You can write a lot of code when using Godot and mix that with capabilities provided by their editor.
You never have to use editor features, but can use them to avoid wasting time reinventing the wheel.
Your comment is like saying that game engines are used by people who don't care for programming and would rather make a call to handle physics interactions.
It's always funny to me that this metaphor is used to indicate a bad thing, but re-inventing the wheel is actually very valuable. Note that our vehicles do not run on stone wheels. Thank goodness we kept re-inventing wheels that were more suitable for our specific use cases! This metaphor is, therefore, exactly apt for describing off-the-shelf game engines. All of the big open game engines are heavy and make a ton of decisions for you that will not be optimal for your specific game, because they make generalized decisions necessary to support all kinds of games. This does save you time, and you can absolutely make games that are good enough with them, but it's ridiculous to me to describe making your own engine as wasting time. It's spending time to gain a benefit, which is a trade-off that is worth it for some and not necessary for others.
Are you going writing your own programming language as well?
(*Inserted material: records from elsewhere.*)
Lemma A_mu_iff_B_mu a b : R a b <> bot -> A_K a <-> B_K b.
Proof.
move=> Hab; have Hc := attrconcept_concept b (R a b).
have Hnt := attrconcept_nontrivial Hab.
have obj_c := block_comparable_iff (objconcept_concept a top) Hc
  (@objconcept_top_nontrivial a) Hnt (or_intror (attrconcept_le_objconcept a b)).
have attr_c := block_comparable_iff (attrconcept_concept b top) Hc
  (@attrconcept_top_nontrivial b) Hnt (or_intror (attrconcept_le_top b (R a b))).
by split=> [/A_mu_iff/obj_c/attr_c/B_mu_iff | /B_mu_iff/attr_c/obj_c/A_mu_iff].
Qed.

End Block.

Section Decomposition.

Variables (Lam : Type) (K : Lam -> pairT L A B -> Prop).
Hypothesis Hdec : independent_block_decomposition le inf sw nw R sigma K.

Local Notation A_K mu := (A_mu inf sw nw R sigma (K mu)).
Local Notation B_K mu := (B_mu inf sw nw R sigma (K mu)).

Lemma decomposition_block mu : block le inf sw nw R sigma (K mu).
Proof. exact: Hdec.1. Qed.

Lemma exists_other_block mu : exists nu : Lam, nu <> mu.
Proof.
case: (decomposition_block mu) => _ [[c [Hc Kc]] _].
have [nu Knu] := (Hdec.2.2 c).1 Hc.
by exists nu => Enu; apply: Kc; rewrite -Enu.
Qed.

Lemma A_mu_disjoint mu nu a : mu <> nu -> A_K mu a -> ~ A_K nu a.
Proof.
move=> Hne /(A_mu_iff (decomposition_block mu)) Ka.
move=> /(A_mu_iff (decomposition_block nu)) Ka'.
exact: (@objconcept_top_nontrivial a) (Hdec.2.1 mu nu Hne _ Ka Ka').
Qed.

Lemma B_mu_disjoint mu nu b : mu <> nu -> B_K mu b -> ~ B_K nu b.
Proof.
move=> Hne /(B_mu_iff (decomposition_block mu)) Kb.
move=> /(B_mu_iff (decomposition_block nu)) Kb'.
exact: (@attrconcept_top_nontrivial b) (Hdec.2.1 mu nu Hne _ Kb Kb').
Qed.

Lemma block_separable mu : separable_subcontext inf R (A_K mu) (B_K mu).
Proof.
have Hmu := decomposition_block mu.
have [nu Hne] := exists_other_block mu.
have [a0 Ha0] := A_mu_nonempty Hmu.
split; first by exists a0.
split.
  have [a Ha] := A_mu_nonempty (decomposition_block nu).
  by exists a; apply: A_mu_disjoint Ha.
split; first exact: B_mu_nonempty Hmu.
split.
  have [b Hb] := B_mu_nonempty (decomposition_block nu).
  by exists b; apply: B_mu_disjoint Hb.
split.
  have [[b Hb] _] := Hnorm.1 a0.
  by exists a0, b; split; last split; rewrite -?(A_mu_iff_B_mu Hmu Hb).
split=> a b Ha Hb; apply: NNPP => Hab.
- by apply: Hb; apply/(A_mu_iff_B_mu Hmu Hab).
- by apply: Ha; apply/(A_mu_iff_B_mu Hmu Hab).
Qed.

End Decomposition.

End ConceptLattice.

Theorem proposition35
  (L : Type) (le : L -> L -> Prop) (inf : (L -> Prop) -> L)
  (HL : complete_lattice le inf)
  (n : nat) (conj sw nw : 'I_n -> L -> L -> L)
  (Hadj : forall i, adjoint_triple le (conj i) (sw i) (nw i))
  (Hunit : forall i x, conj i x (topL inf) = x /\ conj i (topL inf) x = x)
  (A B : Type) (HA : inhabited A) (HB : inhabited B)
  (R : A -> B -> L) (sigma : A -> B -> 'I_n)
  (Hnorm : normalized inf R)
  (Lam : Type) (K : Lam -> pairT L A B -> Prop)
  (Hdec : independent_block_decomposition le inf sw nw R sigma K)
  (mu : Lam) :
  separable_subcontext inf R
    (A_mu inf sw nw R sigma (K mu)) (B_mu inf sw nw R sigma (K mu)).
Proof.
have conj_top i x : conj i x (topL inf) = x by case: (Hunit i x).
have top_conj i x : conj i (topL inf) x = x by case: (Hunit i x).
exact: (block_separable HL Hadj conj_top top_conj Hnorm Hdec mu).
Qed.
Can we call it Tolkien? Because you're making a game like J.R.R. Tolkien wrote books, and there's a reason nobody writes books the way he wrote his.
Writing your own engine is great if you want to learn how to write a game engine. Knowing how to make a game engine can be helpful when making a game, but it's not necessary to make a game. Further, if you want to learn how to make a game, it might be more worth your time to simply use an engine that already does all the things you need. That way your time and energy can be focused on making the game, which is what your goal is.
Being condescending or dismissive of tools that do everything your tools you're going out of your way to construct will have to do is... weird logic. Because the same argument goes all the way down. Why wouldn't you make your own text editor? Why wouldn't you make your own compiler? Why wouldn't you make your own kernel? Why wouldn't you make your own architecture? "If you wish to make a pie from scratch, you must first invent the universe."
The answer is: because we're human beings with limited lifespans. We must stand on the shoulders of giants to see further.
One person wrote books like JRR Tolkien. His name was JRR Tolkien, and those books are widely celebrated by millions of people as classics.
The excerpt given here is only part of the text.